- Task statement
Take the lines below from the first through the one that contains "-1; - rho] i." and copy them exactly.

- Exercise inputs
==================================================
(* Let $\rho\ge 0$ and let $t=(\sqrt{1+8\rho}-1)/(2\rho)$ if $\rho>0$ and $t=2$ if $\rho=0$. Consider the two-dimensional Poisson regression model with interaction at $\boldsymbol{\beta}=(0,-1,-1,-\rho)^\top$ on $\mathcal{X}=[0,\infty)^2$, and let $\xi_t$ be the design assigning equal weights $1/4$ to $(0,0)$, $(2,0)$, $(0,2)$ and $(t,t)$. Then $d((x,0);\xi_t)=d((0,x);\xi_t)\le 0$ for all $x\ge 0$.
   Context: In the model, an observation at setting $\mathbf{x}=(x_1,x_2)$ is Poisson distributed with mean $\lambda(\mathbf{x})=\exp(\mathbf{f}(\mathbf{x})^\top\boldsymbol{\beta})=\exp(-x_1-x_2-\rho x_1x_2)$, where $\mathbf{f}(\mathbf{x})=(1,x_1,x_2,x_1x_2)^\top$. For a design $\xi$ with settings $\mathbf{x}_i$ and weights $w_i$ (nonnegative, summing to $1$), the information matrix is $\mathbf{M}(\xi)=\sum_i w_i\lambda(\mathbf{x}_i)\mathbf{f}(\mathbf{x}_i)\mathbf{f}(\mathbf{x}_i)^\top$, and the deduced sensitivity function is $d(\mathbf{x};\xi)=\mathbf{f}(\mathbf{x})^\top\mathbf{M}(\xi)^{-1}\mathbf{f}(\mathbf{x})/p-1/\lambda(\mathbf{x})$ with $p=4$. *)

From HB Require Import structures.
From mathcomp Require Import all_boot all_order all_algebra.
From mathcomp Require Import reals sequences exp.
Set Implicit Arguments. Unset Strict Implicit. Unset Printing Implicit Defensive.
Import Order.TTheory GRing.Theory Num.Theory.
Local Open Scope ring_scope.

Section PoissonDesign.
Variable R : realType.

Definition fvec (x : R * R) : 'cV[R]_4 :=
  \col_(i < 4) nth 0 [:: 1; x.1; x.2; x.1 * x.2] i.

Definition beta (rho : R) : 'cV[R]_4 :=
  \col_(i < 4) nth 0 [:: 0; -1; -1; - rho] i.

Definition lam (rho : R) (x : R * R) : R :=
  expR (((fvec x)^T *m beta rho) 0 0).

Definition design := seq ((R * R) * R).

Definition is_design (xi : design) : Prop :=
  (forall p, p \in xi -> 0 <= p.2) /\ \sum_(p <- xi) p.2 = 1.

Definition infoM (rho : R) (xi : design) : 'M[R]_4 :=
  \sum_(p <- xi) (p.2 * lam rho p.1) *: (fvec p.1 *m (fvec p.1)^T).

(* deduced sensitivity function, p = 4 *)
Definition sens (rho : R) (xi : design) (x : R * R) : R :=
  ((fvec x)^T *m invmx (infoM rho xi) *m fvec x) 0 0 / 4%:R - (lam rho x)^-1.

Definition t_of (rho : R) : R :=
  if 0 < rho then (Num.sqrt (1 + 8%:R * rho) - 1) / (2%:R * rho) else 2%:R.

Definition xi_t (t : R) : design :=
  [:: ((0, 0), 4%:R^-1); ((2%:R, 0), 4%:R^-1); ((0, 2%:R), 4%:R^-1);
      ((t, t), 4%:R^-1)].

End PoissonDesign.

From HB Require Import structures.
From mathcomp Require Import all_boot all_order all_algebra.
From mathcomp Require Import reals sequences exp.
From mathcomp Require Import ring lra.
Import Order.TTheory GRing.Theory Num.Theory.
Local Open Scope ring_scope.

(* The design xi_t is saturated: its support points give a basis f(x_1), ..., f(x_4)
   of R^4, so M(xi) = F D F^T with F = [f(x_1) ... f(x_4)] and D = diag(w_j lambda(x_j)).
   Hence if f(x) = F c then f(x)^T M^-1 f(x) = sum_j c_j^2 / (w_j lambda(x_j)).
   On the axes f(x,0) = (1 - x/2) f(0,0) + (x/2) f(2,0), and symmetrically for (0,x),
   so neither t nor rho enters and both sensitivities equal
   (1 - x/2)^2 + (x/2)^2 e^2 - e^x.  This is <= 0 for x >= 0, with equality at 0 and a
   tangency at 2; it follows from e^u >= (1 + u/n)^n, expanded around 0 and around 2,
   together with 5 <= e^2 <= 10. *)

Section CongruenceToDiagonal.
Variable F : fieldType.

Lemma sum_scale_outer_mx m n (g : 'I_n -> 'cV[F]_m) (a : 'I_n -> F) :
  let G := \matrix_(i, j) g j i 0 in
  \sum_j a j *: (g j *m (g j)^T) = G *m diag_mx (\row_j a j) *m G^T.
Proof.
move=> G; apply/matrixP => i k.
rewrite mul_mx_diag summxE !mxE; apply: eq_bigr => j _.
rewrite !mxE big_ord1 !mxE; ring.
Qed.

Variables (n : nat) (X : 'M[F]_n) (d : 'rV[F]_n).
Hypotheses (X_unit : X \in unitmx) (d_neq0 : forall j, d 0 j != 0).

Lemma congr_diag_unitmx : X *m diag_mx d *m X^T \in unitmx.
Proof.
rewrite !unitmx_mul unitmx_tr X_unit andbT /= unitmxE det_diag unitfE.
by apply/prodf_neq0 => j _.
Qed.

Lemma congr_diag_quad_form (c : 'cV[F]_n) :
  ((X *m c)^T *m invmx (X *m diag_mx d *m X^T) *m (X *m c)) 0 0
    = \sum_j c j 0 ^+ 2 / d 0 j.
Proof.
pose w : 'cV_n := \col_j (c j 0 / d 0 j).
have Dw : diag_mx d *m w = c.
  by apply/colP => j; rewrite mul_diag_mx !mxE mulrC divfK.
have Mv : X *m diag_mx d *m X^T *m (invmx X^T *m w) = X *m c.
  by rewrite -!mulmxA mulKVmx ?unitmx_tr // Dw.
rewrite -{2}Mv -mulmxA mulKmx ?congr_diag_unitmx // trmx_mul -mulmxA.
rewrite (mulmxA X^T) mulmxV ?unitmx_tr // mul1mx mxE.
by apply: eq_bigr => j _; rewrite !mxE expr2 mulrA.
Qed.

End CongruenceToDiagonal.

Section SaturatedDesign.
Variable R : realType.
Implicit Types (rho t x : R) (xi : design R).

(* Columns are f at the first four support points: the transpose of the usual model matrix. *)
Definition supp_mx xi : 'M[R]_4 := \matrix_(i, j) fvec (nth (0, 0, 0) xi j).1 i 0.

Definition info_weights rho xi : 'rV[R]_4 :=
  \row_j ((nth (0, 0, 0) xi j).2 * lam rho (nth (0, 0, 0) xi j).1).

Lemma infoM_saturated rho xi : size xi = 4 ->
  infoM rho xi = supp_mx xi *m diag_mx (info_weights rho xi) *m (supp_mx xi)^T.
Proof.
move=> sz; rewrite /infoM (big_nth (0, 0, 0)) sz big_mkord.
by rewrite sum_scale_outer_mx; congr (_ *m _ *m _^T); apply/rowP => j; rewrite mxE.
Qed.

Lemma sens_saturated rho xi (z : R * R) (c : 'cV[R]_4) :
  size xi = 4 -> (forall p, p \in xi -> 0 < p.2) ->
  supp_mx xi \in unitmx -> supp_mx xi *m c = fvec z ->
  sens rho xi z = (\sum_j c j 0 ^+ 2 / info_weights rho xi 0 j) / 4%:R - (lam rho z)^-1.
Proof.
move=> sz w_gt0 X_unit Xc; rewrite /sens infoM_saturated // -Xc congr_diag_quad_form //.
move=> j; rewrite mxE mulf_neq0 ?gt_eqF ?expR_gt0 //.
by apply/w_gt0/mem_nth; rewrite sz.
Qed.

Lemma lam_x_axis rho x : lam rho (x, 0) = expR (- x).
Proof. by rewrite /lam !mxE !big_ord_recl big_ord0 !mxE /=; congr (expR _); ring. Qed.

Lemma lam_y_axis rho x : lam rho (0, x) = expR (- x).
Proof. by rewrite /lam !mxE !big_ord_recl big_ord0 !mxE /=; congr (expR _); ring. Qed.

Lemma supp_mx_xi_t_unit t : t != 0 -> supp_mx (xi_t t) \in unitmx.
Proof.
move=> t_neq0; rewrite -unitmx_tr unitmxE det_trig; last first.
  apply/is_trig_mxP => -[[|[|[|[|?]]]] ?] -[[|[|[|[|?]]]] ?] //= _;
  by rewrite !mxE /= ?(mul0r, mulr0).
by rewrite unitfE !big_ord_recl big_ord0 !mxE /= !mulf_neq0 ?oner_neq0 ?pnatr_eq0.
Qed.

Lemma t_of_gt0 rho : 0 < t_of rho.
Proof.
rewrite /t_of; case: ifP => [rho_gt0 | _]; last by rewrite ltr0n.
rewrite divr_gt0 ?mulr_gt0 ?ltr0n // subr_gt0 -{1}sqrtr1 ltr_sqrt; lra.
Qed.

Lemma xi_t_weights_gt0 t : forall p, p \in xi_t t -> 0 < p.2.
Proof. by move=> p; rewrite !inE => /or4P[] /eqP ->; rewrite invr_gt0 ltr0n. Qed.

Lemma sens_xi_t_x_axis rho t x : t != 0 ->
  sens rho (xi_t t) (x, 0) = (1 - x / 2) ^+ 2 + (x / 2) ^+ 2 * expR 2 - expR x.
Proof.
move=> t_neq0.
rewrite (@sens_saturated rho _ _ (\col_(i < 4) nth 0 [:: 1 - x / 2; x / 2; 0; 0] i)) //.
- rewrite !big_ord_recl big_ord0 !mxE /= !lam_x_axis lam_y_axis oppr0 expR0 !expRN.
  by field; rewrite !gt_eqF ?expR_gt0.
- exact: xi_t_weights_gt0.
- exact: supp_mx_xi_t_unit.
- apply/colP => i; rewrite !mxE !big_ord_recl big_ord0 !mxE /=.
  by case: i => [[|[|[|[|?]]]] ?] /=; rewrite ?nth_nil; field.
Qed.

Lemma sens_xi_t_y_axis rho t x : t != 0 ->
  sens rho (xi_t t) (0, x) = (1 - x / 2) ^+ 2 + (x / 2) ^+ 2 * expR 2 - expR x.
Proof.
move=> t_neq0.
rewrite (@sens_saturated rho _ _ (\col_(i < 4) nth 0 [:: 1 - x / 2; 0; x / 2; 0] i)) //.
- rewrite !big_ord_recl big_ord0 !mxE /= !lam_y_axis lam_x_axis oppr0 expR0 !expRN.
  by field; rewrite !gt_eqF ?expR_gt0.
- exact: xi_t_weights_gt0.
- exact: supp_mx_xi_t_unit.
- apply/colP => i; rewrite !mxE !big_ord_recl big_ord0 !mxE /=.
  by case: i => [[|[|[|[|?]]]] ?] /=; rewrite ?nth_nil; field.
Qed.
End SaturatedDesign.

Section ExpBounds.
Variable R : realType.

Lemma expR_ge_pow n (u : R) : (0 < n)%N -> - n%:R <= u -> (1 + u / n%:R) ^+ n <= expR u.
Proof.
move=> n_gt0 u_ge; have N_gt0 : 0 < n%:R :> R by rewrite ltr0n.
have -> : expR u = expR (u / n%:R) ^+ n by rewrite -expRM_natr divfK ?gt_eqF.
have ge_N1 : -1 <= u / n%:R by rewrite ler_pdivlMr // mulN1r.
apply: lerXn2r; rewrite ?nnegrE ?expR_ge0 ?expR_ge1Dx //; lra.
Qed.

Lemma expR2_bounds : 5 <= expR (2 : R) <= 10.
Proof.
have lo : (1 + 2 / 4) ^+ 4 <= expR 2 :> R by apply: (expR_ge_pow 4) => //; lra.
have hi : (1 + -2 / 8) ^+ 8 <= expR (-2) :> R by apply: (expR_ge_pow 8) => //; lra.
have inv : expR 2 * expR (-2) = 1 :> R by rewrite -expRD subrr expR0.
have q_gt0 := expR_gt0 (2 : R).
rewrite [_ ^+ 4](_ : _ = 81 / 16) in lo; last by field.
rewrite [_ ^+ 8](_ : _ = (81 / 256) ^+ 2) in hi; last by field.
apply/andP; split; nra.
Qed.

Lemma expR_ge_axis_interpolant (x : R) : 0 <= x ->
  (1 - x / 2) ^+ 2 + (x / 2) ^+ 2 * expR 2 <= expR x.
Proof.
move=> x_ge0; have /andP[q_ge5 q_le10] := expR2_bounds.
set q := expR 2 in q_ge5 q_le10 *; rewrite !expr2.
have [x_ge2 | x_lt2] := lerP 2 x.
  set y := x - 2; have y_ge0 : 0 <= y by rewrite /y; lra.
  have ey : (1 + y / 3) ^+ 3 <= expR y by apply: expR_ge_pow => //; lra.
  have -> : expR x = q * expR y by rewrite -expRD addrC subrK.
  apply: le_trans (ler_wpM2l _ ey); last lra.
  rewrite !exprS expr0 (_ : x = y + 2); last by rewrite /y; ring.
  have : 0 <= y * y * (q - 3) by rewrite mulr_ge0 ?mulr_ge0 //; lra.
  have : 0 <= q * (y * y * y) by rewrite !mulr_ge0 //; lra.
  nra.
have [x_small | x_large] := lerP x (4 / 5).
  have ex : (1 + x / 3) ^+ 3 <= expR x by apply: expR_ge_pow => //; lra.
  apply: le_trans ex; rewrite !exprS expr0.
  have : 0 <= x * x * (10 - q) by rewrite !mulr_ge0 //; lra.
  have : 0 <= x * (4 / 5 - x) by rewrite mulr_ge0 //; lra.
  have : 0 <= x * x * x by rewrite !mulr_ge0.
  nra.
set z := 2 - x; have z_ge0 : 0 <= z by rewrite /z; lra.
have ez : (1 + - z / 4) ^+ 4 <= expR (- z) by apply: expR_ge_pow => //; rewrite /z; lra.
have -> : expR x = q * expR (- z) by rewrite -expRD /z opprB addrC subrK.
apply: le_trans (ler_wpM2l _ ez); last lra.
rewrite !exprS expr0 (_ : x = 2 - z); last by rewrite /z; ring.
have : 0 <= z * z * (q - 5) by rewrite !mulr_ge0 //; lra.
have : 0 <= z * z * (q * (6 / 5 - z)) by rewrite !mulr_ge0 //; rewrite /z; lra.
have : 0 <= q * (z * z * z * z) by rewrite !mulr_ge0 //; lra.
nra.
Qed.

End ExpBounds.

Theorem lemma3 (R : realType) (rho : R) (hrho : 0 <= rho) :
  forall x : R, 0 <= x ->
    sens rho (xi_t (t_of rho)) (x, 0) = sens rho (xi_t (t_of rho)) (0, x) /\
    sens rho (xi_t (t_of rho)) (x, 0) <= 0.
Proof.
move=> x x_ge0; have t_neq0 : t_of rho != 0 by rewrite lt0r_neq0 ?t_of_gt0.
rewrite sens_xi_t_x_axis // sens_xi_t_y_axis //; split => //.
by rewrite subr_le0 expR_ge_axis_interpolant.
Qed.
==================================================
- Reply
(* Let $\rho\ge 0$ and let $t=(\sqrt{1+8\rho}-1)/(2\rho)$ if $\rho>0$ and $t=2$ if $\rho=0$. Consider the two-dimensional Poisson regression model with interaction at $\boldsymbol{\beta}=(0,-1,-1,-\rho)^\top$ on $\mathcal{X}=[0,\infty)^2$, and let $\xi_t$ be the design assigning equal weights $1/4$ to $(0,0)$, $(2,0)$, $(0,2)$ and $(t,t)$. Then $d((x,0);\xi_t)=d((0,x);\xi_t)\le 0$ for all $x\ge 0$.
   Context: In the model, an observation at setting $\mathbf{x}=(x_1,x_2)$ is Poisson distributed with mean $\lambda(\mathbf{x})=\exp(\mathbf{f}(\mathbf{x})^\top\boldsymbol{\beta})=\exp(-x_1-x_2-\rho x_1x_2)$, where $\mathbf{f}(\mathbf{x})=(1,x_1,x_2,x_1x_2)^\top$. For a design $\xi$ with settings $\mathbf{x}_i$ and weights $w_i$ (nonnegative, summing to $1$), the information matrix is $\mathbf{M}(\xi)=\sum_i w_i\lambda(\mathbf{x}_i)\mathbf{f}(\mathbf{x}_i)\mathbf{f}(\mathbf{x}_i)^\top$, and the deduced sensitivity function is $d(\mathbf{x};\xi)=\mathbf{f}(\mathbf{x})^\top\mathbf{M}(\xi)^{-1}\mathbf{f}(\mathbf{x})/p-1/\lambda(\mathbf{x})$ with $p=4$. *)

From HB Require Import structures.
From mathcomp Require Import all_boot all_order all_algebra.
From mathcomp Require Import reals sequences exp.
Set Implicit Arguments. Unset Strict Implicit. Unset Printing Implicit Defensive.
Import Order.TTheory GRing.Theory Num.Theory.
Local Open Scope ring_scope.

Section PoissonDesign.
Variable R : realType.

Definition fvec (x : R * R) : 'cV[R]_4 :=
  \col_(i < 4) nth 0 [:: 1; x.1; x.2; x.1 * x.2] i.

Definition beta (rho : R) : 'cV[R]_4 :=
  \col_(i < 4) nth 0 [:: 0; -1; -1; - rho] i.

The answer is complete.